Às vezes, somos tentados a fazer comparações de estilo entre o actual Presidente da República e o anterior. Tratando-se de um cargo pessoal, influenciado pelas características pessoais de quem o exerce, traçar comparações pode ser um exercício falhado.

Assim, sendo Aníbal Cavaco Silva homem muito diferente de Marcelo Rebelo de Sousa, é natural que os dois desempenhem as funções de Presidente da República de modo bem diverso. Aníbal Cavaco Silva nasceu em Boliqueime, longe de Lisboa, numa família de origens modestas. Já Marcelo Rebelo de Sousa nasceu em Lisboa, filho de um médico que foi governador-geral de Moçambique e ministro de Marcelo Caetano, e de uma assistente social, estudou no Liceu Pedro Nunes, por onde passava a elite lisboeta. O primeiro estudou números, o segundo estudou leis. Por isso, fazer comparações entre duas pessoas com origens, formação e percursos de vida distintos pode ser uma falácia.

Cavaco Silva é um homem de aparência austera, de poucos sorrisos e muito formal. Estas características, associadas a um tempo de crise e intervenção internacional, fizeram dele, principalmente na parte final do seu mandato, uma figura impopular para muitos portugueses. Marcelo Rebelo de Sousa chega à Presidência da República como uma espécie de anti-Cavaco. Homem de sorriso fácil, afectuoso e muito popular. É esta popularidade que parece estar a transformar-se em populismo.

Em Portugal, parece não haver quem não tenha uma selfie com o Presidente da República. Além disso, o Presidente fala de tudo e está em tudo, comentando tanto a morte de um actor como um golo falhado no Mundial de Futebol. Só que este populismo, aos poucos, condicionará a acção de um Presidente habituado a receber palmas e que, por isso, poderá vir a não se arriscar a fazer nada que faça quebrar esse populismo.

Há uns tempos a jornalista Helena Matos escrevia que “os outrora tão criticados espectáculos da política e a política-espectáculo deram lugar a algo completamente diferente e muito mais perigoso: o espectáculo enquanto forma de preencher o vazio da política”. Cavaco Silva era um chato, que teimava em falar ao país para nos explicar que o país caminhava para uma falência (como falava pouco, nós ouvíamos o que ele nos dizia). O mesmo já não acontece com Marcelo.

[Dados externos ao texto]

Theorem lemma5p2
  (Rf p G : R -> R) (delta : nat -> R)
  (u0 : nat -> Z -> R)            (* u0 K i = u^{K,0}(i delta_K) *)
  (uinit : R -> R)                (* the limit u^0 of (A5) *)
  (u : nat -> Z -> R -> R)        (* u K i t = u^K_i(t) *)
  (* parameters *)
  (Hdelta_pos : forall K : nat, (1 <= K)%nat -> 0 < delta K)
  (Hdelta_lim : is_lim_seq delta 0)
  (Hh_lim : is_lim_seq (hK delta) 0)
  (* (A1) *)
  (HA1 : (exists LR : R, forall x y, Rabs (Rf x - Rf y) <= LR * Rabs (x - y)) /\
         (exists Lp : R, forall x y, Rabs (p x - p y) <= Lp * Rabs (x - y)) /\
         (exists Rlo Rhi : R, forall x, Rlo <= Rf x <= Rhi) /\
         (exists plo phi : R, 0 < plo /\ forall x, plo <= p x <= phi))
  (* (A2) *)
  (HA2 : (forall x, 0 < G x) /\ (forall x, continuous G x) /\
         is_RInt_gen G (Rbar_locally m_infty) (Rbar_locally p_infty) 1 /\
         (exists f : R -> R, (forall x, G x = f x * exp (- Rabs x)) /\
            exists flo fhi : R, 0 < flo /\ forall x, flo <= f x <= fhi))
  (* (A3) *)
  (HA3 : exists A B1 : R, 0 < A /\ 0 < B1 /\
         forall (K : nat) (i : Z), (1 <= K)%nat ->
           u0 K i <= - A * Rabs (IZR i * delta K) + B1)
  (* (A4) *)
  (HA4 : exists L : R, 0 < L < 1 /\
         forall (K : nat) (i : Z), (1 <= K)%nat ->
           Rabs (u0 K (i + 1)%Z - u0 K i) <= L * delta K)
  (* (A5) *)
  (HA5 : (forall x, continuous uinit x) /\
         forall a b eps : R, 0 < eps -> exists N : nat, forall K : nat,
           (1 <= K)%nat -> (N <= K)%nat -> forall x, a <= x <= b ->
             Rabs (lin_interp (u0 K) (delta K) x - uinit x) < eps)
  (* u^K solves the lattice ODE system with initial datum u^{K,0} *)
  (Hinit : forall (K : nat) (i : Z), (1 <= K)%nat -> u K i 0 = u0 K i)
  (Hcont0 : forall (K : nat) (i : Z), (1 <= K)%nat ->
     filterlim (u K i) (at_right 0) (locally (u0 K i)))
  (Hode : forall (K : nat) (i : Z) (t : R), (1 <= K)%nat -> 0 < t ->
     exists S : R,
       is_zsum (fun l => ode_term Rf p G delta K (fun j => u K j t) i l) S /\
       is_derive (u K i) t (Rf (IZR i * delta K) + S)) :
  forall t x y : R, 0 < t ->
    Rbar_le (lower_relaxed u delta t (x + y))
            (Rbar_plus (lower_relaxed u delta t x) (Finite (Rabs y))).
Proof.
  intros t x y Ht.
  destruct HA1 as (_ & _ & (Rlo & Rhi & HR) & (plo & phi & Hplo & Hp)).
  destruct HA2 as (_ & _ & _ & f & Hfeq & flo & fhi & Hflo & Hf).
  apply (lower_relaxed_shift_le Rf p G delta u Rlo plo flo); try assumption.
  - intro z. apply HR.
  - intro z. apply Hp.
  - intro z. rewrite Hfeq. apply Rmult_le_compat_r; [apply Rlt_le, exp_pos | apply Hf].
Qed.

Depois do poder de dissolver a Assembleia da República, o maior poder do Presidente é a magistratura de influência. Mas, para ser exercida, é preciso que, quando o Presidente falar, as pessoas e as instituições o ouçam e o levem a sério. Ora, se o Presidente passa a vida a falar de tudo e a comentar tudo, sempre pela rama, é pouco provável que um dia seja levado a sério.

Mas, por que me lembrei de falar do Presidente da República? Porque me parece que, esta semana, Marcelo Rebelo de Sousa ultrapassou os limites das suas competências.

A bancada parlamentar do Partido Socialista está a elaborar uma proposta para regular a nomeação de familiares para cargos públicos. Estão a tentar legislar algo para o qual bastaria honestidade e bom-senso. Fazem-no talvez como forma de tentar iludir e desviar as atenções para os escândalos que nesta matéria têm atingido o Partido Socialista.

Como o assunto está na ordem do dia, o Presidente da República decidiu elaborar um projecto diploma para ser aprovado como lei, que impede a nomeação de familiares na Presidência da República. Isto levanta duas questões.

Primeiro, a atitude de Marcelo Rebelo de Sousa é populista. Aparentemente, o Presidente da República está a tentar tirar partido da onda de indignação na sociedade contra as nomeações de familiares em cargos públicos.

A segunda questão é mais grave. O Presidente da República não legisla. O poder executivo é restrito à Assembleia da República e ao Governo. Em bom rigor, o Presidente da República já por diversas vezes excedeu os seus poderes ao comentar actos executivos que são exclusivos do Governo. Mas, ao elaborar um projecto diploma, Marcelo Rebelo de Sousa parece ter ultrapassado todos os limites, dando a ideia de que Portugal tem um regime presidencialista, quando na verdade, não tem. Diz o povo: “cada macaco no seu galho”.